Lemma wcode_length_wcode w : wcode_length (wcode w) = length w.
Proof.
  unfold wcode_length. rewrite (sum_below_ext _ (fun k => if k <? length w then 1 else 0)).
  - rewrite sum_below_indicator. pose proof (length_le_wcode w). lia.
  - intros k _. rewrite wcode_skipn_wcode. destruct (Nat.ltb_spec k (length w)).
    + destruct (skipn k w) as [|b u] eqn:E.
      * apply (f_equal (@length _)) in E. rewrite length_skipn in E. simpl in E. lia.
      * simpl. rewrite ifz_pos by (destruct b; lia). reflexivity.
    + rewrite skipn_all2 by lia. reflexivity.
Qed.

(** * Claims, words and plays *)

Lemma testbit_pow2_mul_add_low a c N l : a < 2 ^ N -> l < N -> Nat.testbit (2 ^ N * c + a) l = Nat.testbit a l.
Proof.
  intros H1 H2. rewrite <- (Nat.mod_pow2_bits_low _ N) by auto.
  rewrite Nat.mul_comm, Nat.add_comm, Nat.Div0.mod_add, Nat.mod_small by auto. reflexivity.
Qed.

Lemma testbit_pow2_mul_add_high a c N l : a < 2 ^ N -> Nat.testbit (2 ^ N * c + a) (l + N) = Nat.testbit c l.
Proof.
  intros H. rewrite <- Nat.div_pow2_bits. f_equal.
  rewrite Nat.mul_comm, Nat.add_comm, Nat.div_add, Nat.div_small by (auto; apply Nat.pow_nonzero; lia).
  reflexivity.
Qed.

Lemma testbit_lt_pow2 a N l : a < 2 ^ N -> N <= l -> Nat.testbit a l = false.
Proof.
  intros H1 H2. replace a with (2 ^ N * 0 + a) by lia. replace l with (l - N + N) by lia.
  rewrite testbit_pow2_mul_add_high by auto. apply Nat.bits_0.
Qed.

Lemma bits_inj_lt_pow2 a b N : a < 2 ^ N -> b < 2 ^ N ->
  (forall l, l < N -> Nat.testbit a l = Nat.testbit b l) -> a = b.
Proof.
  intros Ha Hb H. apply Nat.bits_inj. intros l. destruct (Nat.lt_ge_cases l N); auto.
  rewrite !(testbit_lt_pow2 _ N) by auto. reflexivity.
Qed.

Lemma shiftr_pow2_mul_add N K b : b < 2 ^ N -> Nat.shiftr (2 ^ N * K + b) N = K.
Proof.
  intros H. rewrite Nat.shiftr_div_pow2, Nat.mul_comm, Nat.add_comm, Nat.div_add by (apply Nat.pow_nonzero; lia).
  rewrite Nat.div_small; auto.
Qed.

##############################

> WORK INSTRUCTION
Word for word, copy out all of the data shown above.

> WRITTEN ANSWER
Lemma wcode_length_wcode w : wcode_length (wcode w) = length w.
Proof.
  unfold wcode_length. rewrite (sum_below_ext _ (fun k => if k <? length w then 1 else 0)).
  - rewrite sum_below_indicator. pose proof (length_le_wcode w). lia.
  - intros k _. rewrite wcode_skipn_wcode. destruct (Nat.ltb_spec k (length w)).
    + destruct (skipn k w) as [|b u] eqn:E.
      * apply (f_equal (@length _)) in E. rewrite length_skipn in E. simpl in E. lia.
      * simpl. rewrite ifz_pos by (destruct b; lia). reflexivity.
    + rewrite skipn_all2 by lia. reflexivity.
Qed.

(** * Claims, words and plays *)

Lemma testbit_pow2_mul_add_low a c N l : a < 2 ^ N -> l < N -> Nat.testbit (2 ^ N * c + a) l = Nat.testbit a l.
Proof.
  intros H1 H2. rewrite <- (Nat.mod_pow2_bits_low _ N) by auto.
  rewrite Nat.mul_comm, Nat.add_comm, Nat.Div0.mod_add, Nat.mod_small by auto. reflexivity.
Qed.

Lemma testbit_pow2_mul_add_high a c N l : a < 2 ^ N -> Nat.testbit (2 ^ N * c + a) (l + N) = Nat.testbit c l.
Proof.
  intros H. rewrite <- Nat.div_pow2_bits. f_equal.
  rewrite Nat.mul_comm, Nat.add_comm, Nat.div_add, Nat.div_small by (auto; apply Nat.pow_nonzero; lia).
  reflexivity.
Qed.

Lemma testbit_lt_pow2 a N l : a < 2 ^ N -> N <= l -> Nat.testbit a l = false.
Proof.
  intros H1 H2. replace a with (2 ^ N * 0 + a) by lia. replace l with (l - N + N) by lia.
  rewrite testbit_pow2_mul_add_high by auto. apply Nat.bits_0.
Qed.

Lemma bits_inj_lt_pow2 a b N : a < 2 ^ N -> b < 2 ^ N ->
  (forall l, l < N -> Nat.testbit a l = Nat.testbit b l) -> a = b.
Proof.
  intros Ha Hb H. apply Nat.bits_inj. intros l. destruct (Nat.lt_ge_cases l N); auto.
  rewrite !(testbit_lt_pow2 _ N) by auto. reflexivity.
Qed.

Lemma shiftr_pow2_mul_add N K b : b < 2 ^ N -> Nat.shiftr (2 ^ N * K + b) N = K.
Proof.
  intros H. rewrite Nat.shiftr_div_pow2, Nat.mul_comm, Nat.add_comm, Nat.div_add by (apply Nat.pow_nonzero; lia).
  rewrite Nat.div_small; auto.
Qed.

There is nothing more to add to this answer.